(* In the setting below, $$B_0\ \cong\ \bigoplus_{e\in G_0}\ \bigoplus_{f\in G_0:\ T_e\cap S_f\neq\emptyset}M_{n_{e,f}}(E_e)$$ as unital $K$-algebras, where $n_{e,f}=|T_e\cap S_f|$. Here $B_0$ is a unital subalgebra of $B$ with identity $\sum_{e\in G_0}\sum_{g\in T_e}1_e\delta_e\#v_g$.
   Context: Groupoid conventions. A groupoid is a small category with all morphisms invertible, regarded as the set $G$ of morphisms. For $g\in G$ we have $d(g)=g^{-1}g$ and $r(g)=gg^{-1}$. The product $gh$ is defined iff $d(g)=r(h)$, and then $d(gh)=d(h)$, $r(gh)=r(g)$. $G^2=\{(g,h):d(g)=r(h)\}$, and $G_0$ is the set of identities. For $e\in G_0$: - $G_e=\{g: d(g)=r(g)=e\}$; - $S_e=\{g\in G: d(g)=e\}$; - $T_e=\{g\in G: r(g)=e\}$. Actions. An action of $G$ on a ring $R$ is a pair $\beta=(\{E_g\},\{\beta_g\})$ where each $E_g=E_{r(g)}$ is an ideal of $R$, each $\beta_g:E_{g^{-1}}\to E_g$ is a ring isomorphism, $\beta_e=\mathrm{id}$ for $e\in G_0$, and $\beta_g\beta_h=\beta_{gh}$ on $E_{h^{-1}}$ for $(g,h)\in G^2$. Skew groupoid ring. $R\star_\beta G=\bigoplus_{g\in G}E_g\delta_g$ (the $\delta_g$ are formal symbols), with $(x\delta_g)(y\delta_h)=x\beta_g(y)\delta_{gh}$ if $(g,h)\in G^2$ and $0$ otherwise, for $x\in E_g$, $y\in E_h$. $KG^*$. The free $K$-module with basis $\{v_g\}_{g\in G}$, with $v_gv_h=\delta_{g,h}v_g$ and identity $\sum_g v_g$. Weak smash product. For a unital $G$-graded algebra $A=\bigoplus A_g$ (with $A_gA_h\subseteq A_{gh}$ if $(g,h)\in G^2$, and $0$ otherwise), $KG^*$ acts by $v_h\cdot a=a_h$ (the $h$-component). $A\#KG^*=A\otimes_K KG^*$ with $(a\#v_g)(b\#v_h)=a(v_{gh^{-1}}\cdot b)\#v_h$ if $d(g)=d(h)$, and $0$ otherwise. Setting. $K$ is a commutative unital ring and $G$ is a finite groupoid. $R$ is a not necessarily unital $K$-algebra with an action $\beta$ of $G$ (by $K$-linear maps) such that each $E_e$, $e\in G_0$, has an identity element $1_e$; put $1_g:=1_{r(g)}$, the identity of $E_g$. Then $R\star_\beta G$ is a unital $K$-algebra with identity $\sum_{e\in G_0}1_e\delta_e$. It is $G$-graded with $g$-component $E_g\delta_g$, so that $v_k\cdot(a_g\delta_g)=\delta_{k,g}a_g\delta_g$. Let $B=(R\star_\beta G)\#KG^*=\bigoplus_{g,h\in G}E_g\delta_g\#v_h$ and $$B_0=\bigoplus_{g,h\in G:\ d(g)=r(g)=r(h)}E_g\delta_g\#v_h.$$ $M_n(X)$ denotes the $n\times n$ matrix algebra over $X$. *)

From HB Require Import structures.
From mathcomp Require Import all_boot all_order all_algebra.
Set Implicit Arguments. Unset Strict Implicit. Unset Printing Implicit Defensive.
Import GRing.Theory.
Local Open Scope ring_scope.
(* Let $R$ be a uniparameter QNA satisfying Hypothesis (H), with $C$ as in that hypothesis. For each $k\in[1,N]\setminus C$, the quantum torus $\mathcal Q_k$ generated by $\{y_i^{\pm1}: i\in[1,N]\setminus(C\cup\{k\})\}$ contains a non-trivial central monomial $\prod_{i\in[1,N]\setminus(C\cup\{k\})}y_i^{m_i}$, i.e. one with at least one $m_i\neq0$.
   Context: ${\mathbb K}$ is a field of characteristic $0$. A quantum nilpotent algebra (QNA) is an iterated Ore extension $R={\mathbb K}[x_1][x_2;\sigma_2,\delta_2]\cdots[x_N;\sigma_N,\delta_N]$, where $R_k={\mathbb K}[x_1][x_2;\sigma_2,\delta_2]\cdots[x_k;\sigma_k,\delta_k]$ ($R_0={\mathbb K}$), $\sigma_k$ is a ${\mathbb K}$-automorphism and $\delta_k$ a $\sigma_k$-derivation of $R_{k-1}$, together with a torus $\mathcal H$ acting rationally by ${\mathbb K}$-automorphisms on $R$ with each $x_i$ an $\mathcal H$-eigenvector, such that: (i) $\sigma_k(x_j)=\lambda_{kj}x_j$ for $j<k$, with $\lambda_{kj}\in{\mathbb K}^*$; (ii) $\delta_k$ is locally nilpotent on $R_{k-1}$; (iii) for each $k$ there exist $h_k\in\mathcal H$ and $q_k\in{\mathbb K}^*$ not a root of unity such that $h_k$ acts on $R_{k-1}$ as $\sigma_k$ and $h_k\cdot x_k=q_kx_k$. It is uniparameter if there are $q\in{\mathbb K}^*$ not a root of unity and a skew-symmetric integer matrix $(a_{ij})$ with $\lambda_{kj}=q^{a_{kj}}$ for all $j<k$. The rank is $n=|\{k:\delta_k=0\}|$ and $\mathcal H=({\mathbb K}^* )^n$ is taken maximal. Homogeneous elements are the $\mathcal H$-eigenvectors. Goodearl–Yakimov elements: there is a surjective map $\mu:[1,N]\to[1,n]$ with predecessor $p(k)=\max\{j<k:\mu(j)=\mu(k)\}$ (or $-\infty$) and successor $s(k)=\min\{j>k:\mu(j)=\mu(k)\}$ (or $+\infty$), and homogeneous elements $y_1,\ldots,y_N\in R$, uniquely determined, with $y_k=x_k$ if $p(k)=-\infty$ and $y_k=y_{p(k)}x_k-c_k$ for some $c_k\in R_{k-1}$ otherwise, such that for every $k$ the set $\{y_j:j\le k,\ s(j)>k\}$ is, up to nonzero scalars, the set of homogeneous prime elements (nonzero normal elements $p$ with $pR$ completely prime) of $R_k$. They satisfy $y_jy_i=q_{ij}y_iy_j$ with $q_{ij}$ powers of $q$; $\mathcal A_{\mathbf q}\subseteq R$ is the quantum affine space they generate and $\mathcal T_{\mathbf q}=R[y_1^{-1},\ldots,y_N^{-1}]$ the associated quantum torus. Let $\mathfrak s_{+\infty}=\{k:s(k)=+\infty\}$. The center $\operatorname{Z}(\mathcal T_{\mathbf q})$ is a Laurent polynomial ring ${\mathbb K}[z_1^{\pm1},\ldots,z_\ell^{\pm1}]$ whose generators can be chosen to be Laurent monomials in the $y_j$, $j\in\mathfrak s_{+\infty}$; for such a monomial $z$, $\operatorname{supp}z$ is the set of $j\in\mathfrak s_{+\infty}$ whose exponent in $z$ is nonzero. Hypothesis (H): there exist such monomial generators $z_1,\ldots,z_\ell$ of $\operatorname{Z}(\mathcal T_{\mathbf q})$ and a subset $C=\{c_1,\ldots,c_\ell\}\subseteq\mathfrak s_{+\infty}$ with $|C|=\ell$ such that for all $i\in[1,\ell]$: (H1) $z_i\in\mathcal A_{\mathbf q}$; (H2) the exponent of $y_{c_j}$ in $z_i$ is $\delta_{ij}$ for all $j$; (H3) if $|\operatorname{supp}z_i|\ge2$ then $\operatorname{supp}z_i\setminus\{c_i\}\not\subseteq\bigcup_{j\neq i}\operatorname{supp}z_j$. *)

(* Quantum nilpotent algebras (QNAs), Goodearl-Yakimov
   elements and Hypothesis (H), all living inside an ambient K-algebra T
   which plays the role of the quantum torus T_q = R[y_1^-1,...,y_N^-1].
   Indices of generators x_k, y_k run over [1,N] (nat), as in the paper. *)
From HB Require Import structures.
From mathcomp Require Import all_boot all_order all_algebra.
Set Implicit Arguments. Unset Strict Implicit. Unset Printing Implicit Defensive.
Import Order.TTheory GRing.Theory Num.Theory.
Local Open Scope ring_scope.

+ + + +

## Task statement
Your answer should consist only of the lines from the one that holds "which plays the" to the end of the entries above, both ends included, each repeated exactly.

## Your response
   which plays the role of the quantum torus T_q = R[y_1^-1,...,y_N^-1].
   Indices of generators x_k, y_k run over [1,N] (nat), as in the paper. *)
From HB Require Import structures.
From mathcomp Require Import all_boot all_order all_algebra.
Set Implicit Arguments. Unset Strict Implicit. Unset Printing Implicit Defensive.
Import Order.TTheory GRing.Theory Num.Theory.
Local Open Scope ring_scope.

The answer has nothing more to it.